> What is expected
The answer should be each line of the records that contains the word "increasingP"; please copy them all.
Start of Data provided
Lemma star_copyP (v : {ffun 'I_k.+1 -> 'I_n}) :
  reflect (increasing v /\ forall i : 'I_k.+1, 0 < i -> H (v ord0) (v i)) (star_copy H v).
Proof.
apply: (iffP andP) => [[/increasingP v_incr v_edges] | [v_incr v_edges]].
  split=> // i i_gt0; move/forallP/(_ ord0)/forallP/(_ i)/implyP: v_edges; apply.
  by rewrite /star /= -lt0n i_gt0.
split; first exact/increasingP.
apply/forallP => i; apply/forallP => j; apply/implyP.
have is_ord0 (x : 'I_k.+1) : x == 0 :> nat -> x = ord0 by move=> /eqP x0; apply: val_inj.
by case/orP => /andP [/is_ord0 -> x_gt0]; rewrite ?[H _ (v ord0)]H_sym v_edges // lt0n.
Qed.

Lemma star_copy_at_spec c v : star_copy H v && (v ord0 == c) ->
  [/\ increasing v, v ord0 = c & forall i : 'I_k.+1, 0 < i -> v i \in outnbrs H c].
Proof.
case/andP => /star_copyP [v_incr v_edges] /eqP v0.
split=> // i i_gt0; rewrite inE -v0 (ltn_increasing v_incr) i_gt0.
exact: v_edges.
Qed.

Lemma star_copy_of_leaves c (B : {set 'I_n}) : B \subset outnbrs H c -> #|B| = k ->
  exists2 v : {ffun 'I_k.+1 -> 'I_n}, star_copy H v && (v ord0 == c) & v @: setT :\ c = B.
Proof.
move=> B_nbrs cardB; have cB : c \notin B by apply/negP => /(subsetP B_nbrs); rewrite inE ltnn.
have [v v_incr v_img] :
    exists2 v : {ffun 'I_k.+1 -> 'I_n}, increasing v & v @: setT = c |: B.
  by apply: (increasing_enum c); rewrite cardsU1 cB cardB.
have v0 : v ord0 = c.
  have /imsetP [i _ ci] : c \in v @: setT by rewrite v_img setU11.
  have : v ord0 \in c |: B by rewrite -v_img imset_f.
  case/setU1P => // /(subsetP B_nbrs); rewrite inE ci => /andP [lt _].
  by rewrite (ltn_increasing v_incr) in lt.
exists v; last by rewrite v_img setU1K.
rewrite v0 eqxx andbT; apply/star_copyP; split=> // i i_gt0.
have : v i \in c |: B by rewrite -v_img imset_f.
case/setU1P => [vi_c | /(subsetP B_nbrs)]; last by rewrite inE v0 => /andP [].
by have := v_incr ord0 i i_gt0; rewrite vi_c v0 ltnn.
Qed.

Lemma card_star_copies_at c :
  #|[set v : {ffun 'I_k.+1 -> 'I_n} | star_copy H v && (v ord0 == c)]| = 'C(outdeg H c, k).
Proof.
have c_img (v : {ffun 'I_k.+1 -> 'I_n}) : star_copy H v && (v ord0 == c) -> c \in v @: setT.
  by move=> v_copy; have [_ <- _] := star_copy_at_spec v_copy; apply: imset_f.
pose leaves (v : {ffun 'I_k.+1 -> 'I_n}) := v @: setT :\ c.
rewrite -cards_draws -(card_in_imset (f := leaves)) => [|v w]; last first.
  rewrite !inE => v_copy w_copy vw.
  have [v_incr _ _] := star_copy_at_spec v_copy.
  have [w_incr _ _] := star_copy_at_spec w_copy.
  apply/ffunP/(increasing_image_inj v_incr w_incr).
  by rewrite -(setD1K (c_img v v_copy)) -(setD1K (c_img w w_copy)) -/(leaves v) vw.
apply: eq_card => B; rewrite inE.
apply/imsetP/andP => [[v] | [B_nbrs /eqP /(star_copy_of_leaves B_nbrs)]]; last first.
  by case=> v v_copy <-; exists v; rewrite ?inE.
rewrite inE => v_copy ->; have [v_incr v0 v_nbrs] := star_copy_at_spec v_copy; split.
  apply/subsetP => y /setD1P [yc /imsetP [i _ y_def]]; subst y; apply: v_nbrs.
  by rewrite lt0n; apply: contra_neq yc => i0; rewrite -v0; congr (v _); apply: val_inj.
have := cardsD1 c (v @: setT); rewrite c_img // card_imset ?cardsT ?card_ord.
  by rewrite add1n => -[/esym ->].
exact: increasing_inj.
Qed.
End of Data provided
> Output of the exercise
apply: (iffP andP) => [[/increasingP v_incr v_edges] | [v_incr v_edges]].
split; first exact/increasingP.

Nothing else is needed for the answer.